[[ AVAILABLE RECORDS open ]]

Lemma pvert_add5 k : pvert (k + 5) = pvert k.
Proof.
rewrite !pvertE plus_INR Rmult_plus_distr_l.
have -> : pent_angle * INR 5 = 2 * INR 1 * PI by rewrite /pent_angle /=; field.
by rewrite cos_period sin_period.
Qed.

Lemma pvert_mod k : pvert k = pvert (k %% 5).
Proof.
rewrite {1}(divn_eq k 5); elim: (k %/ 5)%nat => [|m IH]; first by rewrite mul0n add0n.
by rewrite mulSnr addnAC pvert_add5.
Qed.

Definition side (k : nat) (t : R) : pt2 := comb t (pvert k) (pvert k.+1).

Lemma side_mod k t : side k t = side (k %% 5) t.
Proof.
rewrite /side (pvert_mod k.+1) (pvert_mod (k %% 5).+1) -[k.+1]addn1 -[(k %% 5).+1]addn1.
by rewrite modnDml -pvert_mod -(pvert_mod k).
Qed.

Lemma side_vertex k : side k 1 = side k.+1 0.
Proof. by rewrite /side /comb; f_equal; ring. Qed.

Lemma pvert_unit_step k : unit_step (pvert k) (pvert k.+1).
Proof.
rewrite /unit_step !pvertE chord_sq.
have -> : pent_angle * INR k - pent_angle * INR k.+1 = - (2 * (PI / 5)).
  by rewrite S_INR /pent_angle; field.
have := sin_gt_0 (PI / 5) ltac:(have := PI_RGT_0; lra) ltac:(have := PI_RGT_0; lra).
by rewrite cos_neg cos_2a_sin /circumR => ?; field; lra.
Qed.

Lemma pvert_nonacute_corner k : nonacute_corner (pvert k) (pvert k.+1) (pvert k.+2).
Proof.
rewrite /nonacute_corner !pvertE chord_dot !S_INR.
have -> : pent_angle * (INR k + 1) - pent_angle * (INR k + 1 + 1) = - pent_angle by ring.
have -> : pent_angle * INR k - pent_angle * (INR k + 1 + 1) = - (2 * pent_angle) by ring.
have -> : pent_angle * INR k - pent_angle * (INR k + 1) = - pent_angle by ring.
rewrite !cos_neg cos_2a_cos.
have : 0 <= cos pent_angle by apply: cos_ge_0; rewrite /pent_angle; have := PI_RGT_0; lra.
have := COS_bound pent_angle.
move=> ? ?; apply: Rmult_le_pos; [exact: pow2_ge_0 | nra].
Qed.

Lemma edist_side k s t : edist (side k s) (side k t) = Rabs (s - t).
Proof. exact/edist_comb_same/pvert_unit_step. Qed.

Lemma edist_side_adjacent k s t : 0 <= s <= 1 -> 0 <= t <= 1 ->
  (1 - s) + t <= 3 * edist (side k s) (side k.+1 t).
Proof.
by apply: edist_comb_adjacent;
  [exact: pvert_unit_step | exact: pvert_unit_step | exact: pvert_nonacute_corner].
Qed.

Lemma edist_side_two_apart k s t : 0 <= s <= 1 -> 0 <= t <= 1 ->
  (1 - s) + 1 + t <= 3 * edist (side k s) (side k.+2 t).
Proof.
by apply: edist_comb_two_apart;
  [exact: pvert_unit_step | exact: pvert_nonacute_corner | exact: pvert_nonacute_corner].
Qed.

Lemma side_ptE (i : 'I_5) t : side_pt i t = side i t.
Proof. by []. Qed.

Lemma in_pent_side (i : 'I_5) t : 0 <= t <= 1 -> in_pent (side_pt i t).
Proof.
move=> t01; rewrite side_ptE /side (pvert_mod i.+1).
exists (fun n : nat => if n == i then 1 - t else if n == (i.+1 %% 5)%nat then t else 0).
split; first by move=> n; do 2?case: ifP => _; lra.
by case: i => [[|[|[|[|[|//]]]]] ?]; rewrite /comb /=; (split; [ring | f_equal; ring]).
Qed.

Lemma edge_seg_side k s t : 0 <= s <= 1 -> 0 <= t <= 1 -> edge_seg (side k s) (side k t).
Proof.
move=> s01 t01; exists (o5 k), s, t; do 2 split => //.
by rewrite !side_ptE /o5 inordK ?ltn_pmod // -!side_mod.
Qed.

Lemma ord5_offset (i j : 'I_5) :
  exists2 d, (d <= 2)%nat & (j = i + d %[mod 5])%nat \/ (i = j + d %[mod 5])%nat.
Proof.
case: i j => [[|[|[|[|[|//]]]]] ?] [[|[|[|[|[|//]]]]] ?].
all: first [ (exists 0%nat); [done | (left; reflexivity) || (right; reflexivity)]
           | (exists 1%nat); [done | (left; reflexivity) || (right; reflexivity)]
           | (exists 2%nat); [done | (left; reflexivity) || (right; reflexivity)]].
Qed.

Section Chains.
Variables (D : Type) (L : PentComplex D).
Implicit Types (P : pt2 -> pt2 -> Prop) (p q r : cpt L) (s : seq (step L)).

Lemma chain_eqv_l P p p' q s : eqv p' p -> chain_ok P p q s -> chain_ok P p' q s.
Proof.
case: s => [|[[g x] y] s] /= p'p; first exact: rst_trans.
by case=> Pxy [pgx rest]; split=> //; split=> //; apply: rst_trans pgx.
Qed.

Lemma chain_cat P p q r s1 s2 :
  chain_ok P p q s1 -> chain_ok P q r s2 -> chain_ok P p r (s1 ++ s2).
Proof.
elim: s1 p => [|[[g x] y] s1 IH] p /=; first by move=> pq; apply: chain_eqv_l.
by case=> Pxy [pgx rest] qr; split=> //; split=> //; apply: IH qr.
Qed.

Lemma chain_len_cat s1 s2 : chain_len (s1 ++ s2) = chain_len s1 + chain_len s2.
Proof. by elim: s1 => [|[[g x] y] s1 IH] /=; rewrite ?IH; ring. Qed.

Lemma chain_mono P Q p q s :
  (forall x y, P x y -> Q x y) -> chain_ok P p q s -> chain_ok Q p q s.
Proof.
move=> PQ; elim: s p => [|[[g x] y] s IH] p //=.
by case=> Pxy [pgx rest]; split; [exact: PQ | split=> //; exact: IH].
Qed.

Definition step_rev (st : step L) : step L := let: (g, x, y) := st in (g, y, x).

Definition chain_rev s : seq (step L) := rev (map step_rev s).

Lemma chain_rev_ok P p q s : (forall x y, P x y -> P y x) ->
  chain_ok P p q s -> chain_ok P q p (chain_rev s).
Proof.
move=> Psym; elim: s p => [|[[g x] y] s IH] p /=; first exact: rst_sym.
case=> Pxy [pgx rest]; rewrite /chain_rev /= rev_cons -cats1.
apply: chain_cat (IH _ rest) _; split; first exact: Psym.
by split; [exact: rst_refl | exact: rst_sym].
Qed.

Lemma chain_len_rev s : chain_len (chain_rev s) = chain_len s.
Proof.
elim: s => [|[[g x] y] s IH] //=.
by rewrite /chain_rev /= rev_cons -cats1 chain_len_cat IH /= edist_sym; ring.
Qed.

[[ AVAILABLE RECORDS closed ]]
[[ AVAILABLE RECORDS open ]]

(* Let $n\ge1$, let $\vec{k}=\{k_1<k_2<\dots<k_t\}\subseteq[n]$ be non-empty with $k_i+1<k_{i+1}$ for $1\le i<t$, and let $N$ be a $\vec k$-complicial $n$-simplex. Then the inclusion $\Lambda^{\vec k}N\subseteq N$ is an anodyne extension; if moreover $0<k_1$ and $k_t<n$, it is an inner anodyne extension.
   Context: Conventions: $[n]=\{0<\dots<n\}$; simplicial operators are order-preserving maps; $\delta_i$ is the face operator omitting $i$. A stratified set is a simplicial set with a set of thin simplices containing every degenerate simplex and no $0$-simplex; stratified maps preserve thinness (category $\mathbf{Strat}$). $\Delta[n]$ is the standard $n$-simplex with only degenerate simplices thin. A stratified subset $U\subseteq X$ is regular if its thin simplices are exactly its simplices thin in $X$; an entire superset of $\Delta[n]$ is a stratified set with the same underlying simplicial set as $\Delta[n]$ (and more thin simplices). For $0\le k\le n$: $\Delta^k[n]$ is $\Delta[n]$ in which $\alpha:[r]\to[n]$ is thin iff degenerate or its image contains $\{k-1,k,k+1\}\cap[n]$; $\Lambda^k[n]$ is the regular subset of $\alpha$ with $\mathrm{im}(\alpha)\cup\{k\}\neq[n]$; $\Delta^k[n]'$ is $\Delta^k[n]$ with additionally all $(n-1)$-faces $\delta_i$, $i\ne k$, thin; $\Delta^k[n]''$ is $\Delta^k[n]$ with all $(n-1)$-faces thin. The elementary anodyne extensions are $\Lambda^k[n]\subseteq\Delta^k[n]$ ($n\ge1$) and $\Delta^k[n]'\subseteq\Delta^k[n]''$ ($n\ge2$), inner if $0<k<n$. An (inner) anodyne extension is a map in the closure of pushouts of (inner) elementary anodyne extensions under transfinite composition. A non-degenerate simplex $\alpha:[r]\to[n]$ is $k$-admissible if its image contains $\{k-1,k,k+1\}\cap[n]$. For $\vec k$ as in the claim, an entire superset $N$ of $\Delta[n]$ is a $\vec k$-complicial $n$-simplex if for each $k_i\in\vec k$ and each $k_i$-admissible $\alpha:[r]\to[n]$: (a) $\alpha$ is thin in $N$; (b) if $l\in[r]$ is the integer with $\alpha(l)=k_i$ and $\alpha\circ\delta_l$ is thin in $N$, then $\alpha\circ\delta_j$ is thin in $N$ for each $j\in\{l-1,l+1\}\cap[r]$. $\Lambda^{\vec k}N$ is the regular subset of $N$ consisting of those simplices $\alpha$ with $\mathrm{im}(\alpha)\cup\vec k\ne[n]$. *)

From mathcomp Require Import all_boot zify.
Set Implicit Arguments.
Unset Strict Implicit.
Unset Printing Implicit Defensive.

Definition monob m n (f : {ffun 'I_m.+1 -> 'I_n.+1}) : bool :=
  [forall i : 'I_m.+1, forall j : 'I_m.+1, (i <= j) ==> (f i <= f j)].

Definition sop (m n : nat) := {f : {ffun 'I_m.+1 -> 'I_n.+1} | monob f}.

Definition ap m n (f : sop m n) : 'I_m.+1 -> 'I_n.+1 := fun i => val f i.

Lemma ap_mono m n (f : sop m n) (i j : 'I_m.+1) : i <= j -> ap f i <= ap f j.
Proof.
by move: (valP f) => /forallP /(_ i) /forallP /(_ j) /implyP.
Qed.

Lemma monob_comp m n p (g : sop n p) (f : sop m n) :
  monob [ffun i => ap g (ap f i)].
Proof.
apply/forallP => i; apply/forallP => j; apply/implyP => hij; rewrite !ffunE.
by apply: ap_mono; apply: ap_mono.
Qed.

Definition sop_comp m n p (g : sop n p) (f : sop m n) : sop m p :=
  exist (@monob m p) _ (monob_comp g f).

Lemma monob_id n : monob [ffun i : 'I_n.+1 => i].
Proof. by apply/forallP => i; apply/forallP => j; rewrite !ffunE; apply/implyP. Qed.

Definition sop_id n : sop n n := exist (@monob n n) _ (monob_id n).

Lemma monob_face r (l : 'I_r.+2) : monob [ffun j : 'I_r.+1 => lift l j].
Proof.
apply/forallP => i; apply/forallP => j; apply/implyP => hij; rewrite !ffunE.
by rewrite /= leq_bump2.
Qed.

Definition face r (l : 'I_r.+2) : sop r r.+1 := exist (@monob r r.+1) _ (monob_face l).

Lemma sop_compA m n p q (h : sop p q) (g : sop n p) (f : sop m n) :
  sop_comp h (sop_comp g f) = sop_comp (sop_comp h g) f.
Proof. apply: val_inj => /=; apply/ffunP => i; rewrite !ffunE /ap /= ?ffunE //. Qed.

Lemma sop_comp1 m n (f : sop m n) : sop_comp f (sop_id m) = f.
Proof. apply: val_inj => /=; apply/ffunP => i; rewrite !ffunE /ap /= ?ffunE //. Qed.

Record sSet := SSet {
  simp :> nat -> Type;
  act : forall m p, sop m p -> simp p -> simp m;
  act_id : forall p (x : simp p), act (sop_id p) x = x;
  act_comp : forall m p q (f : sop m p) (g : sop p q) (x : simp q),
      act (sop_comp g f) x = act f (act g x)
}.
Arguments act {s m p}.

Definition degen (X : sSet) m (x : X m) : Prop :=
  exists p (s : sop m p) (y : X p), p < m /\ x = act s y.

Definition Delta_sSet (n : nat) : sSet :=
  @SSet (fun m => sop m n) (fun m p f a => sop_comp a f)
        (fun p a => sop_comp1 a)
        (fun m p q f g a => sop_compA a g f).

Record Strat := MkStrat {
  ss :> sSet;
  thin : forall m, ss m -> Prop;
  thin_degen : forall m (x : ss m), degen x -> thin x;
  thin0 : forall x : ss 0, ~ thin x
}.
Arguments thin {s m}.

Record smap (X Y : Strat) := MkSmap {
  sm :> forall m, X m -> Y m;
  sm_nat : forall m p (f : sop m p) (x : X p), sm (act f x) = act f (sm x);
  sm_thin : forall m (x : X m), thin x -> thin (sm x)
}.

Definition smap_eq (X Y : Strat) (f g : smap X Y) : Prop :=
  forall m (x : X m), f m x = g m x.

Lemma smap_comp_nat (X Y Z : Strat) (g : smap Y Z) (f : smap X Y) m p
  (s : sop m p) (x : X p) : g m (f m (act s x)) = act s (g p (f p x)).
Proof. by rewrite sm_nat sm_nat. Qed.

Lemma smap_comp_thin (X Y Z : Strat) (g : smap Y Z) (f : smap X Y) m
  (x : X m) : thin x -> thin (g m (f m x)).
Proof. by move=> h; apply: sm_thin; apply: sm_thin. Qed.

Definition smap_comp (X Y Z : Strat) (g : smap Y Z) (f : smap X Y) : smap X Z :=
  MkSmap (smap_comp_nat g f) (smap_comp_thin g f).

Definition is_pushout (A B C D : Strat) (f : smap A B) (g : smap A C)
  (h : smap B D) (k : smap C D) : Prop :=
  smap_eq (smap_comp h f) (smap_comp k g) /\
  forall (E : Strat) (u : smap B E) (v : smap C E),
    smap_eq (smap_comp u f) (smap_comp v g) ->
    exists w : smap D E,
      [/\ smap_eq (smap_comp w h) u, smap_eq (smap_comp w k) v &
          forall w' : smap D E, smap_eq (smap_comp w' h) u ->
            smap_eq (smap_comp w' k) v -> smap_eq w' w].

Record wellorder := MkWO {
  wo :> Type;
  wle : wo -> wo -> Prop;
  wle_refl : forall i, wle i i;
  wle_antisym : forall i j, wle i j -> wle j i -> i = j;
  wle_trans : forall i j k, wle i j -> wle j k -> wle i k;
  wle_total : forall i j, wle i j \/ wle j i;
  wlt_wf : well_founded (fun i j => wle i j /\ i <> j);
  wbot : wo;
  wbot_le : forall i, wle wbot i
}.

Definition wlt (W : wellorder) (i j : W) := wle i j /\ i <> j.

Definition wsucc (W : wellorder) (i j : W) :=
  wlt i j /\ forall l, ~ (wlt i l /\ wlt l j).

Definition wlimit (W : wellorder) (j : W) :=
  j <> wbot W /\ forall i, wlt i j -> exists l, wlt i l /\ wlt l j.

[[ AVAILABLE RECORDS closed ]]
[[ AVAILABLE RECORDS open ]]

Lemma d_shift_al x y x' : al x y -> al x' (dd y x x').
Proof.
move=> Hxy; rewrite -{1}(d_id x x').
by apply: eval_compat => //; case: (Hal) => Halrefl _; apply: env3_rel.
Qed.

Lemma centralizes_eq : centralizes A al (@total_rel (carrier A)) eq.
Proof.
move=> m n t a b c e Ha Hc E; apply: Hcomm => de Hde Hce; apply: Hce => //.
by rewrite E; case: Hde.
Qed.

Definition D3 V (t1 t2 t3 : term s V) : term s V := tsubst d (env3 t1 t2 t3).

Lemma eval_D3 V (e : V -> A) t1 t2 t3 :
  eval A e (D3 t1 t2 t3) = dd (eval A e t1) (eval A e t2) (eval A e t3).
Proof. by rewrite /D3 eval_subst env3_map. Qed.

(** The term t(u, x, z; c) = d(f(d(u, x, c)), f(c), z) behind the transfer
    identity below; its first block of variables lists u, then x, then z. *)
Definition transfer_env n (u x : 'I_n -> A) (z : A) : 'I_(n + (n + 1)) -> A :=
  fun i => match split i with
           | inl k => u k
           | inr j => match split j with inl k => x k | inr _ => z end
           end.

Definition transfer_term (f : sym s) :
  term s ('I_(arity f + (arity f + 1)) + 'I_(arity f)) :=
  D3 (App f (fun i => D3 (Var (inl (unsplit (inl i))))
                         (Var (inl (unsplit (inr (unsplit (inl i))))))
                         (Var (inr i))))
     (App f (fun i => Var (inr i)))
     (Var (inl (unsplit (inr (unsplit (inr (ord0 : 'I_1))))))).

[[ AVAILABLE RECORDS closed ]]

After locating the line with "Lemma pvert_add5 k : pvert (k + 5) = pvert k." above, return that line and every later line through the one with "rewrite mul0n add0n.", word for word and with nothing else.

- [ANSWER TO THIS EXERCISE]:
Lemma pvert_add5 k : pvert (k + 5) = pvert k.
Proof.
rewrite !pvertE plus_INR Rmult_plus_distr_l.
have -> : pent_angle * INR 5 = 2 * INR 1 * PI by rewrite /pent_angle /=; field.
by rewrite cos_period sin_period.
Qed.

Lemma pvert_mod k : pvert k = pvert (k %% 5).
Proof.
rewrite {1}(divn_eq k 5); elim: (k %/ 5)%nat => [|m IH]; first by rewrite mul0n add0n.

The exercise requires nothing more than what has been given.